The club offers easy walks at least once a week, along with other activities, such as recent classes about mental health and self-defense. There are also social gatherings at local restaurants or parks and community service opportunities such as food drives and toy drives. Club walks last about an hour and are designed to be easy, Avila said, adding: “These are leisurely, flat, paved walks that are more about socializing.”
Membership is free, and members are encouraged to network and set up extra walks with others in the club. Avila did all the work herself for the first nine months but now has nine “ambassadors” who help with organizing, and the club is currently applying for nonprofit status. Avila is excited about all the ways the group is building community just 18 months after it began. “This is my passion, my hobby,” she said. “Our members are glad to have this space just for women, because [spaces exclusively for women] really don’t exist. This club really helps me help them.” — Jeanette Marantos
Los Angeles Hiking Group
Back in 2007, friends Barry Craine and Lee Zebold started an L.A.-based group with a simple winning formula: Encourage Angelenos to have fun outdoors with others. Some 17 years later, the free, nonprofit Los Angeles Hiking Group has more than 43,000 members on Meetup and multiple opportunities every month for people to join free urban walks or group hikes organized by one of the group’s nearly 70 leaders.
“If you don’t want to travel far, an urban walk is an ideal activity for someone living in a city,” said Mike Cheng, who joined the group in 2011 and is now its president. “I’ve had the best times of my life hiking or walking. And of course it’s a great way to meet people. If you like to walk, and you meet a person who clearly enjoys what you’re doing, you have something in common right away compared to meeting someone in a bar.”
Cheng leads hikes for small groups in places such as Bishop Lake, but he also gets involved in the many urban walks. This time of year, he said, there are several nighttime excursions to admire holiday decorations. Walk leaders do a lot of research to find the best locations, he said, and it doesn’t cost anything to get involved, beyond taking the time to join. And while the membership is huge, individual walks are typically much smaller, no more than 35 people, Cheng said, out of consideration for the neighborhoods where they’re walking. “If you’re hiking in the wilderness, you can accommodate more people, but can you imagine a group of 60 people walking through a neighborhood? Anything over 35 is just too much.” — Jeanette Marantos
L.A. Girls Who Walk
When Monica Figueroa was sent to work in New York City for a few months, she struggled to make friends in the bustling city. After getting flaked on multiple times by people she met on Bumble BFF (an app for people seeking friendships), the San Diego native invited a woman she connected with on the app to attend a walking event with her hosted by City Girls Who Walk. Figueroa and the woman attended several walks together and bonded with two other women, whom they added to their friend group.
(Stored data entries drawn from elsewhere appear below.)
Lemma from_offsets_eq c o F G d e : d < n -> e < n -> (o + e == d) || (o + e == d + n) ->
  from_offsets c F = from_offsets (shift c o) G -> F d = G e.
Proof.
move=> hd he hde /(congr1 (fun u : labeling n => u (shift c d))).
by rewrite from_offsets_shift // -(shift_wrap c hde) -shiftD from_offsets_shift.
Qed.

Lemma mirror_from_offsets c F :
  mirror (from_offsets c F) = from_offsets (cneg c) (fun d => swap (F (n - d.+1))).
Proof.
apply: from_offsetsP => d hd.
by rewrite mirror_shift // cnegK from_offsets_shift //; lia.
Qed.

(* [from_offsets c (tail_label a b e)] carries a, b, e on the edges c-3, c-2,
   c-1 and [Gt] on all the others. *)
Definition tail_label (a b e : label) d :=
  if d == n.-1 then e else if d == n - 2 then b else if d == n - 3 then a else Gt.

Definition tail_params :=
  [set p : 'I_n * (label * label) | (p.2.1 == Lt) || (p.2.2 == Lt)].

Definition tail_of (e : label) (p : 'I_n * (label * label)) :=
  from_offsets p.1 (tail_label p.2.1 p.2.2 e).

Definition lt_tails := tail_of Lt @: tail_params.

Definition redundant := lt_tails :|: (@mirror n) @: lt_tails.

Lemma redundant_mirror v : (mirror v \in redundant) = (v \in redundant).
Proof.
have mirror_inj := can_inj (@mirrorK n).
rewrite !inE (mem_imset _ _ mirror_inj) orbC; congr (_ || _).
by rewrite -{2}(mirrorK v) (mem_imset _ _ mirror_inj).
Qed.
But when Figueroa received a promotion that moved her to Los Angeles, she was back at square one making new mates, so she decided to start her own walking clubs. She launched L.A. Girls Who Walk in June 2023, along with another chapter in her hometown, San Diego, where she has volunteers leading walks and occasionally returns to host them herself.
Walking is “a very low-budget, accessible and healthy activity to do when you’re being social, and there really aren’t that many of those things to do [in L.A.],” said 30-year-old Figueroa. “Everything either costs money, [or] causes you to be up late at night, which is not good for your health. It just seems like everything comes with a price, and [walking] really is one of the few things that doesn’t.”
L.A. Girls Who Walk holds one or two walks per month, usually on the Westside at Palisades Park Rose Garden in Santa Monica. Figueroa hopes to host walks in the San Fernando Valley later this year. L.A. members also often get together for smaller neighborhood walks or for social gatherings like bar-hopping. The group even sells merch, including crewnecks and baseball caps. — Kailyn Brown
L.A. Leggers
Back in December 1988, KNX radio reporter Bob Scott ran the Los Angeles Marathon equipped with a radio and microphone to conduct interviews along the way. Scott was alarmed by the number of participants he encountered on the 26.2-mile route who had no training or even awareness of what the marathon entailed, so he helped start a training club that gets people into shape for the annual marathon. Thus L.A. Leggers was born.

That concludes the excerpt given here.